Exercise objective = For the records below, print the lines from the line with "shifted by one)." through the line with "Definition Mq (R" exactly as written; include both end lines and exclude the rest.

Dataset entries =
──────────────────────────────

(* Suppose Assumptions (A1) and (A2) below hold, and let $\{\boldsymbol{x}_{i,t}\}$ be the decision sequence generated by Algorithm DOMFW (described in the context) with parameters $0<\alpha_t\le 1$ and a nondecreasing integer sequence $\{K_t\}$. Then for any $T\ge 2$ and $K_t\ge 2$ (for all $t$), $$\sum_{t=1}^T\sum_{i=1}^n \|\boldsymbol{x}_{i,t}-\boldsymbol{x}_{avg,t}\| \le \frac{n\Gamma_1}{1-\sigma_1^{K_1}}\sum_{i=1}^n\|\boldsymbol{x}_{i,1}\| + \sum_{i=1}^n\|\boldsymbol{x}_{i,1}-\boldsymbol{x}_{avg,1}\| + \left(\frac{n^2M\Gamma_1}{\sigma_1(1-\sigma_1)(1-\sigma_1^{K_1})}+2nM\right)\sum_{t=1}^T\alpha_t .$$
   Context: Network: $n$ agents, $\mathcal{V}=\{1,\dots,n\}$, time-varying directed graphs $\mathcal{G}_t=(\mathcal{V},\mathcal{E}_t,A_t)$ with weight matrices $A_t\in\mathbb{R}^{n\times n}$; $\mathcal{N}_i^{in}(t)=\{j:(j,i)\in\mathcal{E}_t\}\cup\{i\}$, and $[A_t]_{ij}>0$ if $j\in\mathcal{N}_i^{in}(t)$, $[A_t]_{ij}=0$ otherwise. Assumption (A1): (a) there is $\zeta>0$ with $[A_t]_{ij}>\zeta$ whenever $[A_t]_{ij}>0$; (b) $\mathcal{G}_t$ is strongly connected for all $t$; (c) each $A_t$ is doubly stochastic. Assumption (A2): $\boldsymbol{X}\subset\mathbb{R}^d$ is convex compact with $\|\boldsymbol{x}-\boldsymbol{z}\|\le M$ for all $\boldsymbol{x},\boldsymbol{z}\in\boldsymbol{X}$. Each agent $i$ has at round $t$ a convex differentiable loss $f_{i,t}$ on $\boldsymbol{X}$. Algorithm DOMFW: initial points $\boldsymbol{x}_{i,1}\in\boldsymbol{X}$. For $t=1,\dots,T$: set $\boldsymbol{x}_{i,t}^1=\boldsymbol{x}_{i,t}$; for $k=1,\dots,K_t$, each agent $i$ computes $\hat{\boldsymbol{x}}_{i,t}^k=\sum_{j}[A_t]_{ij}\boldsymbol{x}_{j,t}^k$; $\overline{\nabla}f_{i,t}^1=\nabla f_{i,t}(\hat{\boldsymbol{x}}_{i,t}^1)$ and for $k\ge2$, $\overline{\nabla}f_{i,t}^k=\widehat{\nabla}f_{i,t}^{k-1}+\nabla f_{i,t}(\hat{\boldsymbol{x}}_{i,t}^k)-\nabla f_{i,t}(\hat{\boldsymbol{x}}_{i,t}^{k-1})$; $\widehat{\nabla}f_{i,t}^k=\sum_j[A_t]_{ij}\overline{\nabla}f_{j,t}^k$; $\boldsymbol{v}_{i,t}^k\in\arg\min_{\boldsymbol{x}\in\boldsymbol{X}}\langle\boldsymbol{x},\widehat{\nabla}f_{i,t}^k\rangle$; $\boldsymbol{x}_{i,t}^{k+1}=\hat{\boldsymbol{x}}_{i,t}^k+\alpha_t(\boldsymbol{v}_{i,t}^k-\hat{\boldsymbol{x}}_{i,t}^k)$. Then $\boldsymbol{x}_{i,t+1}=\boldsymbol{x}_{i,t}^{K_t+1}$. Notation: $\boldsymbol{x}_{avg,t}=\frac1n\sum_i\boldsymbol{x}_{i,t}$; $\sigma_1=1-\frac{\zeta}{4n^2}$, $\Gamma_1=\left(1-\frac{\zeta}{4n^2}\right)^{-1}$. *)

From HB Require Import structures.
From mathcomp Require Import all_boot all_order all_algebra.
From mathcomp Require Import all_classical all_reals all_analysis.
Set Implicit Arguments. Unset Strict Implicit. Unset Printing Implicit Defensive.
Import Order.TTheory GRing.Theory Num.Theory.
Import numFieldNormedType.Exports.
Local Open Scope classical_set_scope.
Local Open Scope ring_scope.
(* Let $n\ge1$ and $I,J\subseteq[n-1]$, complements taken in $[n-1]$. Then (a) $L_{\mathrm{comp}(I)}=\sum_{J\subseteq[n-1]}(-1)^{|J\setminus I|}(\nu-1)^{|I\cap J|}\Pi(\nu)_{\mathrm{comp}(J)}$; (b) $\Pi(\nu)_{\mathrm{comp}(J)}=\sum_{I\subseteq[n-1]}\frac{1}{\nu^{n-1}}(-1)^{|J\setminus I|}(\nu-1)^{|(I\cup J)^c|}L_{\mathrm{comp}(I)}$.
   Context: Fix an integer $\nu>1$; $C_\nu$ is the additive cyclic group of order $\nu$; $Q_n(\nu)=\bigoplus_{i\in[n-1]}C_\nu$. $\psi_\nu(0)=1$, $\psi_\nu(g)=-1/(\nu-1)$ for $g\ne0$. For $I\subseteq[n-1]$, $\dot\chi^I(\nu)(\mathbf g)=\prod_{i\in[n-1]\setminus I}\psi_\nu(g_i)$, and $\kappa_I(\nu)$ is the indicator function of $\{\mathbf g\in Q_n(\nu):\{i:g_i\ne0\}=I\}$. $\mathrm{scf}(\mathcal N_n(\nu))$ is the span of the $\kappa_I(\nu)$, which also has basis $\{\dot\chi^I(\nu)\}$. $\mathrm{comp}(\{s_1<\dots<s_i\})=(s_1,s_2-s_1,\dots,n-s_i)$; $L_{\mathrm{comp}(I)}=\sum_{I\subseteq J\subseteq[n-1]}M_{\mathrm{comp}(J)}$ is the fundamental quasisymmetric function ($M$ the monomial ones). $\mathrm{ch}^n_\nu:\mathrm{scf}(\mathcal N_n(\nu))\to\mathsf{QSym}_n$ is the linear isomorphism $\dot\chi^I(\nu)\mapsto L_{\mathrm{comp}(I)}$, and $\Pi(\nu)_{\mathrm{comp}(I)}:=\mathrm{ch}^n_\nu\big(\kappa_I(\nu)/(\nu-1)^{|I|}\big)$. *)

From HB Require Import structures.
From mathcomp Require Import all_boot all_order all_algebra.
Set Implicit Arguments. Unset Strict Implicit. Unset Printing Implicit Defensive.
Import Order.TTheory GRing.Theory Num.Theory.
Local Open Scope ring_scope.

(* [n-1] = {1,...,n-1} is modelled by 'I_(n-1) (positions 0..n-2, shifted by one).
   Subsets I of [n-1] are {set 'I_(n-1)}; comp is a bijection from such subsets to
   compositions of n, so we index QSym_n-objects by the subset I rather than comp(I). *)

(* Q_n(nu) = (+)_{i in [n-1]} C_nu ; 'Z_nu is Z/nu for nu >= 2. *)
Definition Qn (n nu : nat) := {ffun 'I_(n.-1) -> 'Z_nu}.

(* QSym_n, represented by its coordinates in the monomial basis
   {M_comp(J) : J subset of [n-1]}. *)
Definition QSym (R : numFieldType) (n : nat) := {ffun {set 'I_(n.-1)} -> R^o}.

Definition Mq (R : numFieldType) (n : nat) (J : {set 'I_(n.-1)}) : QSym R n :=
  [ffun K => (K == J)%:R].

Definition Lq (R : numFieldType) (n : nat) (I : {set 'I_(n.-1)}) : QSym R n :=
  \sum_(J : {set 'I_(n.-1)} | I \subset J) Mq R J.

Definition psi (R : numFieldType) (nu : nat) (g : 'Z_nu) : R :=
  if g == 0 then 1 else - (nu%:R - 1)^-1.

Definition chid (R : numFieldType) (n nu : nat) (I : {set 'I_(n.-1)}) : {ffun Qn n nu -> R^o} :=
  [ffun g : Qn n nu => \prod_(i in ~: I) psi R (g i)].

Definition kappa (R : numFieldType) (n nu : nat) (I : {set 'I_(n.-1)}) : {ffun Qn n nu -> R^o} :=
  [ffun g : Qn n nu => ([set i | g i != 0] == I)%:R].

Definition Pi (R : numFieldType) (n nu : nat)
  (ch : {ffun Qn n nu -> R^o} -> QSym R n) (J : {set 'I_(n.-1)}) : QSym R n :=
  ch (((nu%:R - 1) ^+ #|J|)^-1 *: kappa R nu J).

From HB Require Import structures.
From mathcomp Require Import all_boot all_order all_algebra.
From mathcomp Require Import ring.
Import Order.TTheory GRing.Theory Num.Theory.
Local Open Scope ring_scope.

(* Write q = nu - 1 and S = supp g.  Then psi(g_i) is 1 off S and -1/q on S,
   so both identities are checked pointwise on Q_n(nu).  For (a) the sum over
   J collapses to the single term J = S, leaving (-1/q)^|S \ I|, which is
   \dot\chi^I at g.  For (b) every summand is a product over i in [n-1] of a
   factor depending only on whether i lies in I, so the sum over I factorises
   into a product over i of a two-term sum; each two-term sum equals the i-th
   factor of q^-|J| [S = J], thanks to q + 1 = nu. *)

Lemma expr_card_mkcond (R : pzSemiRingType) (T : finType) (A : {set T}) (c : R) :
  c ^+ #|A| = \prod_i (if i \in A then c else 1).
Proof. by rewrite -prodr_const big_mkcond. Qed.

Lemma natr_eq_setE (R : comPzSemiRingType) (T : finType) (A B : {set T}) :
  (A == B)%:R = \prod_i ((i \in A) == (i \in B))%:R :> R.
Proof.
have [->|neqAB] := eqVneq A B; first by rewrite big1 // => i _; rewrite eqxx.
have [i Ai_neq] : exists i, (i \in A) != (i \in B).
  apply/existsP; apply: contraNT neqAB => /existsPn eqAB.
  by apply/eqP/setP => i; apply/eqP/negPn.
by rewrite (bigD1 i) //= (negbTE Ai_neq) mul0r.
Qed.

Lemma ffunZrE (R : pzSemiRingType) (T : finType) (a : R) (f : {ffun T -> R^o}) x :
  (a *: f) x = a * f x.
Proof. by rewrite ffunE. Qed.

Lemma inversion_factor (F : fieldType) (q : F) (b c : bool) :
  q != 0 -> q + 1 != 0 ->
  (q + 1)^-1 * (1 + (if c then -1 else q) * (if b then - q^-1 else 1))
  = (if c then q^-1 else 1) * (b == c)%:R.
Proof. by move=> q_neq0 q1_neq0; case: b; case: c => /=; field; rewrite ?q_neq0. Qed.

Section SuperclassFunctions.
Variables (R : numFieldType) (nu n : nat).
Hypothesis nu_gt1 : (1 < nu)%N.

Local Notation q := (nu%:R - 1 : R).

Definition supp (g : Qn n nu) : {set 'I_(n.-1)} := [set i | g i != 0].

Lemma nu_neq0 : (nu%:R : R) != 0.
Proof. by rewrite pnatr_eq0 -lt0n ltnW. Qed.

Lemma q_neq0 : q != 0.
Proof. by rewrite subr_eq0 pnatr_eq1 gtn_eqF. Qed.

Lemma psi_supp (g : Qn n nu) i : psi R (g i) = if i \in supp g then - q^-1 else 1.
Proof. by rewrite /psi inE; case: (g i == 0). Qed.

Lemma sum_kappaE (c : {set 'I_(n.-1)} -> R) (g : Qn n nu) :
  (\sum_J c J *: kappa R nu J) g = c (supp g).
Proof.
rewrite sum_ffunE (bigD1 (supp g)) //= big1 ?addr0 => [|J /negbTE neqJ].
  by rewrite ffunZrE ffunE eqxx mulr1.
by rewrite ffunZrE ffunE eq_sym neqJ mulr0.
Qed.

Lemma chid_kappa (I : {set 'I_(n.-1)}) :
  chid R nu I = \sum_J
     ((-1) ^+ #|J :\: I| * q ^+ #|I :&: J|) *: ((q ^+ #|J|)^-1 *: kappa R nu J).
Proof.
under eq_bigr do rewrite scalerA.
apply/ffunP => g; rewrite sum_kappaE ffunE.
set S := supp g.
have qIS_neq0 : q ^+ #|S :&: I| != 0 by rewrite expf_neq0 // q_neq0.
rewrite -(cardsID I S) setIC exprD invfM mulrA -(mulrA _ (q ^+ _)) divff // mulr1.
rewrite -exprVn -exprNn expr_card_mkcond big_mkcond /=.
by apply: eq_bigr => i _; rewrite psi_supp !inE; case: (i \in I); case: (i \in S).
Qed.

Lemma kappa_chid (J : {set 'I_(n.-1)}) :
  (q ^+ #|J|)^-1 *: kappa R nu J = \sum_I
     ((nu%:R ^+ n.-1)^-1 * (-1) ^+ #|J :\: I| * q ^+ #|~: (I :|: J)|) *: chid R nu I.
Proof.
apply/ffunP => g; rewrite sum_ffunE ffunZrE ffunE.
pose f i : R := (nu%:R)^-1 * ((if i \in J then -1 else q) * psi R (g i)).
have summandE I : (((nu%:R ^+ n.-1)^-1 * (-1) ^+ #|J :\: I| * q ^+ #|~: (I :|: J)|)
                     *: chid R nu I) g = \prod_i (if i \in I then (nu%:R)^-1 else f i).
  have -> : (nu%:R ^+ n.-1)^-1 = \prod_(i : 'I_n.-1) (nu%:R : R)^-1.
    by rewrite prodr_const card_ord exprVn.
  rewrite ffunZrE ffunE !expr_card_mkcond.
  rewrite [X in _ * X]big_mkcond -!big_split /=.
  apply: eq_bigr => i _; rewrite /f !inE.
  by case: (i \in I); case: (i \in J); rewrite /= ?mulr1 ?mul1r ?mulrA.
rewrite (eq_bigr _ (fun I _ => summandE I)) -bigA_distr.
rewrite natr_eq_setE -exprVn expr_card_mkcond -big_split /=.
apply: eq_bigr => i _; rewrite -/(supp g) /f -[X in _ = X + _]mulr1 -mulrDr psi_supp.
by rewrite -[X in _ = X^-1 * _](subrK 1) inversion_factor ?subrK ?q_neq0 ?nu_neq0.
Qed.

End SuperclassFunctions.

Theorem lemma4p3 (R : numFieldType) (nu n : nat) (hnu : (1 < nu)%N) (hn : (0 < n)%N)
  (ch : {linear {ffun Qn n nu -> R^o} -> QSym R n})
  (hch : forall I : {set 'I_(n.-1)}, ch (chid R nu I) = Lq R I) :
  (forall I : {set 'I_(n.-1)},
     Lq R I = \sum_(J : {set 'I_(n.-1)})
                ((-1) ^+ #|J :\: I| * (nu%:R - 1) ^+ #|I :&: J|) *: Pi ch J)
  /\
  (forall J : {set 'I_(n.-1)},
     Pi ch J = \sum_(I : {set 'I_(n.-1)})
                ((nu%:R ^+ n.-1)^-1 * (-1) ^+ #|J :\: I|
                   * (nu%:R - 1) ^+ #|~: (I :|: J)|) *: Lq R I).
Proof.
split.
  move=> I; rewrite -hch (@chid_kappa R nu n hnu) linear_sum.
  by apply: eq_bigr => J _; rewrite linearZ.
move=> J; rewrite /Pi (@kappa_chid R nu n hnu) linear_sum.
by apply: eq_bigr => I _; rewrite linearZ hch.
Qed.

──────────────────────────────

Result of this task =
(* [n-1] = {1,...,n-1} is modelled by 'I_(n-1) (positions 0..n-2, shifted by one).
   Subsets I of [n-1] are {set 'I_(n-1)}; comp is a bijection from such subsets to
   compositions of n, so we index QSym_n-objects by the subset I rather than comp(I). *)

(* Q_n(nu) = (+)_{i in [n-1]} C_nu ; 'Z_nu is Z/nu for nu >= 2. *)
Definition Qn (n nu : nat) := {ffun 'I_(n.-1) -> 'Z_nu}.

(* QSym_n, represented by its coordinates in the monomial basis
   {M_comp(J) : J subset of [n-1]}. *)
Definition QSym (R : numFieldType) (n : nat) := {ffun {set 'I_(n.-1)} -> R^o}.

Definition Mq (R : numFieldType) (n : nat) (J : {set 'I_(n.-1)}) : QSym R n :=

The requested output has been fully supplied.